Она хочет, чтобы я играл этюды. Этюды гениального Шопена, знавшего все о слабостях человеческих рук и нашедшего двадцать четыре решения проблем, возникающих у пианистов. Двадцать четыре разоблачения технических недостатков. Двадцать четыре дара тому, кто в состоянии их исполнить. Если пианист справится с этими двадцатью четырьмя адскими произведениями, он может справиться с любым произведением в музыкальной литературе. Таков был план Сельмы Люнге. Тогда человеку по силам любая задача: концерт си-бемоль мажор Брамса, Второй и Третий концерты для фортепиано Рахманинова, «Ночной Гаспар» Равеля, все фортепианные произведения Баха, великолепнейшие транскрипции Бузони, «Хаммерклавир» Бетховена.
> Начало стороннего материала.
(* Let $\gamma>0$, $W,V\in C_{p,\gamma}^{0}(\mathbb{R})$ (possibly complex-valued), $\mathscr{L}\psi:=-\psi''+W\psi'+V\psi$, and for $\lambda\in\mathbb{R}$ let $\mathcal{E}(\lambda):=\{\psi\in C_{p}^{2}(\mathbb{R}) : \mathscr{L}\psi=\lambda\psi\}$. Then: - if $\lambda\in\sigma_{g}^{1}(\mathscr{L})$, then $\mathcal{E}(\lambda)=\{e^{\mathrm{i}k_{0}x}p(x) : \mathcal{D}^{k_{0}}p=\lambda p,\ p\in C_{p,\gamma}^{2}(\mathbb{R})\}$, where $\mathcal{A}(\lambda)=\{[k_{0}]_{\gamma}\}$; - if $\lambda\in\sigma_{g}^{2}(\mathscr{L})$, then $\mathcal{E}(\lambda)=\{e^{\mathrm{i}k_{0}x}(p_{1}(x)+xp_{2}(x)) : \mathcal{D}^{k_{0}}p_{2}=\lambda p_{2},\ \mathcal{D}^{k_{0}}p_{1}=\lambda p_{1}+(2\mathrm{i}k_{0}-W)p_{2}+2p_{2}',\ p_{1},p_{2}\in C_{p,\gamma}^{2}(\mathbb{R})\}$; - if $\lambda\in\sigma_{g}^{3}(\mathscr{L})$, then $\mathcal{E}(\lambda)=\operatorname{span}\{e^{\mathrm{i}kx}p(x) : \mathcal{D}^{k}p=\lambda p,\ [k]_{\gamma}\in\mathcal{A}(\lambda),\ |\mathcal{A}(\lambda)|=2,\ p\in C_{p,\gamma}^{2}(\mathbb{R})\}$.
   Context: $C_{p}^{0}(I)$: integrable piecewise-continuous functions on $I$ (finitely many discontinuities on each finite subinterval, one-sided improper integrals of $|f|$ converging at each discontinuity); $C_{p}^{l}(I)$: differentiable functions with derivative in $C_{p}^{l-1}(I)$; $C_{p,\gamma}^{l}(\mathbb{R})$: $\gamma$-periodic functions in $C_{p}^{l}(\mathbb{R})$; $[k]_{\gamma}=\{k+2m\pi/\gamma:m\in\mathbb{Z}\}$ for $k\in\mathbb{C}$. Every solution in $C_p^2(\mathbb{R})$ of $\mathscr{L}\psi=\lambda\psi$ has one of the forms (a) $e^{\mathrm{i}k_0x}p(x)$, (b) $e^{\mathrm{i}k_0x}(p_1(x)+xp_2(x))$ with $p_2\not\equiv0$, (c) $e^{\mathrm{i}k_1x}p_1(x)+e^{\mathrm{i}k_2x}p_2(x)$ with $[k_1]_\gamma\ne[k_2]_\gamma$, where $k_0,k_1,k_2\in\mathbb{C}$ and $p,p_1,p_2\in C^2_{p,\gamma}(\mathbb{R})$; the exponents $k$ are called quasimomenta, and $\mathcal{A}(\lambda)$ is the set of congruence classes modulo $2\pi/\gamma$ of quasimomenta of solutions corresponding to $\lambda$ (it has at most two elements; in cases (a),(b) $\mathcal{A}(\lambda)=\{[k_0]_\gamma\}$, in case (c) $\mathcal{A}(\lambda)=\{[k_1]_\gamma,[k_2]_\gamma\}$). $\sigma_{g}^{1}(\mathscr{L})$, $\sigma_{g}^{2}(\mathscr{L})$, $\sigma_{g}^{3}(\mathscr{L})$ are the sets of $\lambda\in\mathbb{R}$ for which $\mathscr{L}\psi=\lambda\psi$ has a solution $\psi$ of form (a) with $|\mathcal{A}(\lambda)|=1$, of form (b) with $|\mathcal{A}(\lambda)|=1$, and of form (c) with $|\mathcal{A}(\lambda)|=2$, respectively. For $k\in\mathbb{C}$, $\mathcal{D}^{k}:=-\frac{d^{2}}{dx^{2}}+(W-2\mathrm{i}k)\frac{d}{dx}+\mathrm{i}kW+V+k^{2}$. *)

From Stdlib Require Import Reals ZArith List.
From Coquelicot Require Import Coquelicot.
Open Scope R_scope.

Definition cexp (z : C) : C :=
  (exp (Re z) * cos (Im z), exp (Re z) * sin (Im z)).

Definition cdiff (f : R -> C) : Prop :=
  forall x, ex_derive (fun t => fst (f t)) x /\ ex_derive (fun t => snd (f t)) x.
Definition cD (f : R -> C) : R -> C :=
  fun x => (Derive (fun t => fst (f t)) x, Derive (fun t => snd (f t)) x).

(** C_p^0(R): integrable piecewise-continuous functions: finitely many
    discontinuities on each finite subinterval, and at each discontinuity the
    one-sided improper integrals of |f| converge. *)
Definition PC0 (f : R -> C) : Prop :=
  (forall a b : R, exists s : list R,
      forall x, a <= x <= b -> ~ continuous f x -> In x s) /\
  (forall x, ~ continuous f x -> exists d, 0 < d /\
      ex_RInt_gen (fun t => Cmod (f t)) (at_right x) (at_point (x + d)) /\
      ex_RInt_gen (fun t => Cmod (f t)) (at_point (x - d)) (at_left x)).

Fixpoint Cp (l : nat) (f : R -> C) : Prop :=
  match l with
  | O => PC0 f
  | S l' => cdiff f /\ Cp l' (cD f)
  end.

Definition Cpg (l : nat) (gamma : R) (f : R -> C) : Prop :=
  Cp l f /\ forall x, f (x + gamma) = f x.

Definition congr (gamma : R) (k k' : C) : Prop :=
  exists m : Z, k' = Cplus k (RtoC (2 * IZR m * PI / gamma)).

Open Scope C_scope.

Definition Lop (W V : R -> C) (psi : R -> C) : R -> C :=
  fun x => - cD (cD psi) x + W x * cD psi x + V x * psi x.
Не говоря уже о произведениях самого Шопена — труднейших сонатах, скерцо, фантазии фа минор.
Я начинаю с первого этюда — до мажор с нонами. Я играю хорошо, потому что играл этот этюд много лет. Но моя неподготовленность становится явной уже на втором этюде. Четвертый палец у меня еще слаб. Я не держу темп, играю слишком тяжело, и уже в середине у меня деревенеют пальцы. Сельма Люнге это слышит. Конечно, слышит. Год назад я играл гораздо лучше. Но она не подает вида.
Взрыв происходит на третьем этюде. Ми мажор — простая тональность, красивая главная тема и зловещие сексты в средней части неизбежно обнаруживают силу и сосредоточенность пианиста. Уже первый пассаж показывает мою несостоятельность. Я не только небрежно беру ноты, я сильно нажимаю на правую педаль, чтобы приукрасить свое исполнение. Так делают только самые плохие пианисты. Но я вынужден к этому прибегнуть. И начинаю потеть, панически потеть. Со лба у меня льет. Кончики пальцев оставляют капли на каждом покрытом слоновой костью клавише. Клавиши становятся влажными, пальцы скользят, и я чаще ошибаюсь. Однако продолжаю играть! Даже много лет спустя я все еще не знаю, почему это произошло тогда, в сумерках на Сандбюннвейен. Была ли это исповедь? Хотелось ли мне признаться? Хотелось ли в глубине души освободиться от Сельмы Люнге? Уклониться от ее ожиданий? Заставить ее немедленно от меня отказаться? Нет, ничего такого я не помню. Я сижу за роялем и хочу произвести на нее впечатление, показать ей, что использовал лето, чтобы соответствовать ее требованиям. Чтобы улучшить технику. Но пока я путаюсь, выдавая ужасающую версию этого самого знаменитого, наравне с «Революционным», этюда Шопена, Сельма Люнге садится на стул поближе ко мне, словно для того, чтобы мое положение стало еще более трудным. Зачем она пересела? Чтобы ограничить мое чувство свободы? В этой комнате существует свобода только Сельмы Люнге! Ее воля. Ее аромат. «Шанель № 5». Аромат женщины и власти. И тошнота, подступающая у меня к горлу, не предвещает ничего хорошего. Но я стискиваю зубы и продолжаю играть, возвращаюсь к спокойной теме в ми мажоре, пытаюсь вложить в свою игру как можно больше чувства. И наступает тишина. Зловещая тишина. Все бесполезно, думаю я, не смея взглянуть на Сельму. Когда мне предстоит начать этюд № 4, этот дерзкий этюд до-диез минор с его сумасшедшим темпом, мужество мне изменяет. Я знаю, что сыграю его еще хуже, чем играл до сих пор. Я медлю, сидя за роялем. Она сидит на стуле «Бидермайер», придвинутом к самому роялю. И молчит.